→ DATASET RECORDS:

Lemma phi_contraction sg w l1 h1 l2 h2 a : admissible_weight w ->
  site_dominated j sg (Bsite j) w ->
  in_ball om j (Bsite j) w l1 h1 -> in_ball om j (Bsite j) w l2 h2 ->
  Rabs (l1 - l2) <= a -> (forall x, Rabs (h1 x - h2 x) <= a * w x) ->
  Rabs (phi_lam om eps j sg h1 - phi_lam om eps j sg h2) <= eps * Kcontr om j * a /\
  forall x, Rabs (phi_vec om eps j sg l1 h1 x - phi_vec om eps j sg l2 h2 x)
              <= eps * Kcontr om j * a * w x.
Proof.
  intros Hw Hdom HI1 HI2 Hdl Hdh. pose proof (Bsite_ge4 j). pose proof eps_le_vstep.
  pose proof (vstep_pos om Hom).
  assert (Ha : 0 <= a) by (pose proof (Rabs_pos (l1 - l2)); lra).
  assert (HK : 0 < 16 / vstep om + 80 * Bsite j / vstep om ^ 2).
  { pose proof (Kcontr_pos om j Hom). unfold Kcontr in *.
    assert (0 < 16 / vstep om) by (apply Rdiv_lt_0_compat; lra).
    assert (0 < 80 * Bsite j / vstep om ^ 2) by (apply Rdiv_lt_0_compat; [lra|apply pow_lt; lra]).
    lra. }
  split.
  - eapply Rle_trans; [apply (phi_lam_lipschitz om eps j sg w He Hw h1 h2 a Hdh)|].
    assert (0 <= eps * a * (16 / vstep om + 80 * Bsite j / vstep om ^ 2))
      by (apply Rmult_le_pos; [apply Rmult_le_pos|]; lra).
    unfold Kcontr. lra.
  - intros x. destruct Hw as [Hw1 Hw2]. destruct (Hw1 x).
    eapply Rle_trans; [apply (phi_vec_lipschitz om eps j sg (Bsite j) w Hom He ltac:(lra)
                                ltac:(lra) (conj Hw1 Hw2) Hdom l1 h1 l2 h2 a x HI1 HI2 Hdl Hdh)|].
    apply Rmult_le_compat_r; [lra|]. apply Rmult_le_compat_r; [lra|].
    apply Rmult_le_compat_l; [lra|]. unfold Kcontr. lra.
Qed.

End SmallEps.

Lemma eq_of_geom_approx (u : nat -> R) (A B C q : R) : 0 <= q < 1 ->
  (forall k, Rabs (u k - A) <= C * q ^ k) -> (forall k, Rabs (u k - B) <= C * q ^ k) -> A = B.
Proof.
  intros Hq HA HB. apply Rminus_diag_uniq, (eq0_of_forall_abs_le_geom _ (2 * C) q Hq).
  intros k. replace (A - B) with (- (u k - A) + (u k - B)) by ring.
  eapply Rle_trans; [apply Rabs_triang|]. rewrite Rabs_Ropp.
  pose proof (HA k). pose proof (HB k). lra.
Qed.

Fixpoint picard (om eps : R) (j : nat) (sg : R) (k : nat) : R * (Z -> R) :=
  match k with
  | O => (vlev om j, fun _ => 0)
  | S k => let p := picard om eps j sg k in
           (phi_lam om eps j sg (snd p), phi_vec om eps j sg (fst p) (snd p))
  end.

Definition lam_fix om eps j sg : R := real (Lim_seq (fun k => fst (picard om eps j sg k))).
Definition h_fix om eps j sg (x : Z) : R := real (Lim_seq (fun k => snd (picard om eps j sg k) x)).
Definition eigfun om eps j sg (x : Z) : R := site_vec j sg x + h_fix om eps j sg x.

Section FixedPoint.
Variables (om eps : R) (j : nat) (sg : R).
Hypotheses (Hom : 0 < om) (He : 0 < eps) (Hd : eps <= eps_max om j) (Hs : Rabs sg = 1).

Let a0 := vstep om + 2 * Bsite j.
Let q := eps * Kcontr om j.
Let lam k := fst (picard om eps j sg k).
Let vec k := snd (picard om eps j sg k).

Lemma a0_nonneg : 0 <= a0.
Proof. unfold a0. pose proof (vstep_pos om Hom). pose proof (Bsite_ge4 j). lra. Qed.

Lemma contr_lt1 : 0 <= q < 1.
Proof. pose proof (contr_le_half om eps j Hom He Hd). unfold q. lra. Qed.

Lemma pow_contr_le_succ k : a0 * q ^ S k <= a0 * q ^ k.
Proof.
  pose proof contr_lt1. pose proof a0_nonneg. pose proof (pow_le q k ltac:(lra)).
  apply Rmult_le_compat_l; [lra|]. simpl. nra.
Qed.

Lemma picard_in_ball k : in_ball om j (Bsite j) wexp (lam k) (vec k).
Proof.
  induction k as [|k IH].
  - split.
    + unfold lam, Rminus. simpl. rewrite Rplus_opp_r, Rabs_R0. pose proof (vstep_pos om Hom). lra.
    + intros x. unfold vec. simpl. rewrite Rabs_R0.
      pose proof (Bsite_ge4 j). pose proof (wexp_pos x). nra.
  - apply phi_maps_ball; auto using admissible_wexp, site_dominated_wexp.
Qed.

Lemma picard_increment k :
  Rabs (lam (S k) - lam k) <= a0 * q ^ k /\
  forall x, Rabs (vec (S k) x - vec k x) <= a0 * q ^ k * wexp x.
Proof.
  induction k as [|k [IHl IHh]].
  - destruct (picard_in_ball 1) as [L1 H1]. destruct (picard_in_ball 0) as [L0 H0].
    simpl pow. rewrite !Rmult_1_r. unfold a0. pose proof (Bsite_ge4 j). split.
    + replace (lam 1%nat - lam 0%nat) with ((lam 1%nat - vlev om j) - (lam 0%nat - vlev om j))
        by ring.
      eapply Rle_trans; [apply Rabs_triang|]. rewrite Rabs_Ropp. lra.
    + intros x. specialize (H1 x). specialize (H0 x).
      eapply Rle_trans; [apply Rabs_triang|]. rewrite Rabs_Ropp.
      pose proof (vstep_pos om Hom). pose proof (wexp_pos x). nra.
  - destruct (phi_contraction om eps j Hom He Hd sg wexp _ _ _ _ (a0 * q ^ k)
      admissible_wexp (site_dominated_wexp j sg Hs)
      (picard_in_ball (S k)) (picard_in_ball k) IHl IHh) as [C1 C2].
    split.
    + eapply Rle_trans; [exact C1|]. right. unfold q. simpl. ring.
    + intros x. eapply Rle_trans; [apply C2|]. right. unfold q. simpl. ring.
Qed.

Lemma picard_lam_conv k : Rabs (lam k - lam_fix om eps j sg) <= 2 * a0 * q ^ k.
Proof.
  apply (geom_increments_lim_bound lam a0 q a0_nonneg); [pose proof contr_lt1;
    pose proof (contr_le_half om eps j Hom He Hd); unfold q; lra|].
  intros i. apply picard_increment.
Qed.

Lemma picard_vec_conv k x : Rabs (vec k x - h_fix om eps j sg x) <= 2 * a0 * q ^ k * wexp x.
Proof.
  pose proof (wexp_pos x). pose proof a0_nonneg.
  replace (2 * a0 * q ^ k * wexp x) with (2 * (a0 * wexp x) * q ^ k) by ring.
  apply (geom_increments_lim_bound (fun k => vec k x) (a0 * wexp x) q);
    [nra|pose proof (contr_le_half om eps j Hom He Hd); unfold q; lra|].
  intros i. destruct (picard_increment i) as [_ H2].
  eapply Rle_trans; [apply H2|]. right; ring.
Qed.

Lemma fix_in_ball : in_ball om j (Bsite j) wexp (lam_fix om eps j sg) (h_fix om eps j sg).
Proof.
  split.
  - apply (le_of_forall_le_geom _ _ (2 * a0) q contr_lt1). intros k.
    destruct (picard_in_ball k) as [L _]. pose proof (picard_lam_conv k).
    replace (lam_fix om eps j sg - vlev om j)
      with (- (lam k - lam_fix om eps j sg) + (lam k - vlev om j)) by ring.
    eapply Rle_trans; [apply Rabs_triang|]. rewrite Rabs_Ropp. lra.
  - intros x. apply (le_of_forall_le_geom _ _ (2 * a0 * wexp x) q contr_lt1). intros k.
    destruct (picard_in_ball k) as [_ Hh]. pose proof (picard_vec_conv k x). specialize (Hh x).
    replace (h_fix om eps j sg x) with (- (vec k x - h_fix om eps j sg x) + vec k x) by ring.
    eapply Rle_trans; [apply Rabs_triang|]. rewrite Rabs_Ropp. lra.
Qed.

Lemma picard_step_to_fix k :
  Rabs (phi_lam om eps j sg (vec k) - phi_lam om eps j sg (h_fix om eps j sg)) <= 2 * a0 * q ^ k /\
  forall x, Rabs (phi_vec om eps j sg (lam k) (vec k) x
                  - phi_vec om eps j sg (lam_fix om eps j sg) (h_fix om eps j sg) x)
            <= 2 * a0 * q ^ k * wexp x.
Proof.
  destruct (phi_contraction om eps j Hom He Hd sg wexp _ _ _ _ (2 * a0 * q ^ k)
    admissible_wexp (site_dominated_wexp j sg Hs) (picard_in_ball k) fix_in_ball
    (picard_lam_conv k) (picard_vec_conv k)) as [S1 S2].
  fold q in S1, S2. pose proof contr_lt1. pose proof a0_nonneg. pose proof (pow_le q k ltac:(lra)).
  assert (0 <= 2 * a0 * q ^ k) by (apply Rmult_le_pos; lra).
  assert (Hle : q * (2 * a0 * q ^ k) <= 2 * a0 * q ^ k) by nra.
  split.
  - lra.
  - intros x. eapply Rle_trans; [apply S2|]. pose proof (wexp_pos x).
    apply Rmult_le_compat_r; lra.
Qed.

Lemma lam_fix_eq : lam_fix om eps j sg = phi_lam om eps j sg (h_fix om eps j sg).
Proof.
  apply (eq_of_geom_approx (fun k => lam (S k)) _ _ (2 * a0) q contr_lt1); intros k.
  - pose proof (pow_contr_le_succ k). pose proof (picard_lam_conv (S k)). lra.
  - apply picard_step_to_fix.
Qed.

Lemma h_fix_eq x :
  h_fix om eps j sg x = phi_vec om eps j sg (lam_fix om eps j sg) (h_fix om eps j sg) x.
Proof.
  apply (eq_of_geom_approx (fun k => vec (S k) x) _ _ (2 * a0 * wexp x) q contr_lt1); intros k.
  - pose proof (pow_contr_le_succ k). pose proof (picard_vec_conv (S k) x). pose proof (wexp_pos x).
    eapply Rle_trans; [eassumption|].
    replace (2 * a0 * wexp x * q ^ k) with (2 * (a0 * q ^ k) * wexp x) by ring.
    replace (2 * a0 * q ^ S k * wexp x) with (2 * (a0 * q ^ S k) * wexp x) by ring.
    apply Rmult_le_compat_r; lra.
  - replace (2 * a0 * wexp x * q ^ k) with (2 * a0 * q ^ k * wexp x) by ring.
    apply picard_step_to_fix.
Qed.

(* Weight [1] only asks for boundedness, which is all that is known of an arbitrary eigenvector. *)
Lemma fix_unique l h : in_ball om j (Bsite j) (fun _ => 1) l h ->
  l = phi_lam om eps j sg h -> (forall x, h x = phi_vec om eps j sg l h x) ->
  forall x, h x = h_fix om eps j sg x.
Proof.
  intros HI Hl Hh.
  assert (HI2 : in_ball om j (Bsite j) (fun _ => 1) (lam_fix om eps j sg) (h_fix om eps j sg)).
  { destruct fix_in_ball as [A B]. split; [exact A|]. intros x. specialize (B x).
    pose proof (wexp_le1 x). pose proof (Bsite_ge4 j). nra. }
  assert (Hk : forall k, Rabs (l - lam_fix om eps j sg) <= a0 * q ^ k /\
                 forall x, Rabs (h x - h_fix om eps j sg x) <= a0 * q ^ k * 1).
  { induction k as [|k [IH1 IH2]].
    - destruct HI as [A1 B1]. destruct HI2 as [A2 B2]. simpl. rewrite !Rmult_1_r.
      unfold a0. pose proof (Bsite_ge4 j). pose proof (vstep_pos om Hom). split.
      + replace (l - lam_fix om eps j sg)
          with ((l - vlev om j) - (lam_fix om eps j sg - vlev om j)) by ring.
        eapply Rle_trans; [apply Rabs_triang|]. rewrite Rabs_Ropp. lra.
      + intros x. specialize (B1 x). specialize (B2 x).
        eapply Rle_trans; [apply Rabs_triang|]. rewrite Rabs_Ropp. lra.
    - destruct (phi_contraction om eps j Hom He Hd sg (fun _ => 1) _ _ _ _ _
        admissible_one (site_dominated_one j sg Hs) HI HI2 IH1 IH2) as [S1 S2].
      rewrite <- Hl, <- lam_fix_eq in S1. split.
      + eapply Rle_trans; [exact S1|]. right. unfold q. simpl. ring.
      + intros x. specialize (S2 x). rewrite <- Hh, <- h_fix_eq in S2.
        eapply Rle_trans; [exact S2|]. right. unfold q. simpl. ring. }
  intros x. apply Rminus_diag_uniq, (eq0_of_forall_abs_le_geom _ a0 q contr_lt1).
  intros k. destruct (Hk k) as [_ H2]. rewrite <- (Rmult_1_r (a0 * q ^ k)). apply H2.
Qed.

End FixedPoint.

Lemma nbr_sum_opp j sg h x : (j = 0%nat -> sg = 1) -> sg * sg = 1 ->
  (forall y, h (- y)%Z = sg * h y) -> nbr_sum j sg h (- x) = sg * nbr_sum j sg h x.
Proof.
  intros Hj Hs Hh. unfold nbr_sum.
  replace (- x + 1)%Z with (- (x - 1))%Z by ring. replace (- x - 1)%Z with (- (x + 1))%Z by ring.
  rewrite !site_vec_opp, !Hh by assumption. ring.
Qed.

→ PROBLEM STATEMENT: Please go through the data and copy each line containing the word "assert".

→ ANSWER AREA:
  assert (Ha : 0 <= a) by (pose proof (Rabs_pos (l1 - l2)); lra).
  assert (HK : 0 < 16 / vstep om + 80 * Bsite j / vstep om ^ 2).
    assert (0 < 16 / vstep om) by (apply Rdiv_lt_0_compat; lra).
    assert (0 < 80 * Bsite j / vstep om ^ 2) by (apply Rdiv_lt_0_compat; [lra|apply pow_lt; lra]).
    assert (0 <= eps * a * (16 / vstep om + 80 * Bsite j / vstep om ^ 2))
  assert (0 <= 2 * a0 * q ^ k) by (apply Rmult_le_pos; lra).
  assert (Hle : q * (2 * a0 * q ^ k) <= 2 * a0 * q ^ k) by nra.
  assert (HI2 : in_ball om j (Bsite j) (fun _ => 1) (lam_fix om eps j sg) (h_fix om eps j sg)).
  assert (Hk : forall k, Rabs (l - lam_fix om eps j sg) <= a0 * q ^ k /\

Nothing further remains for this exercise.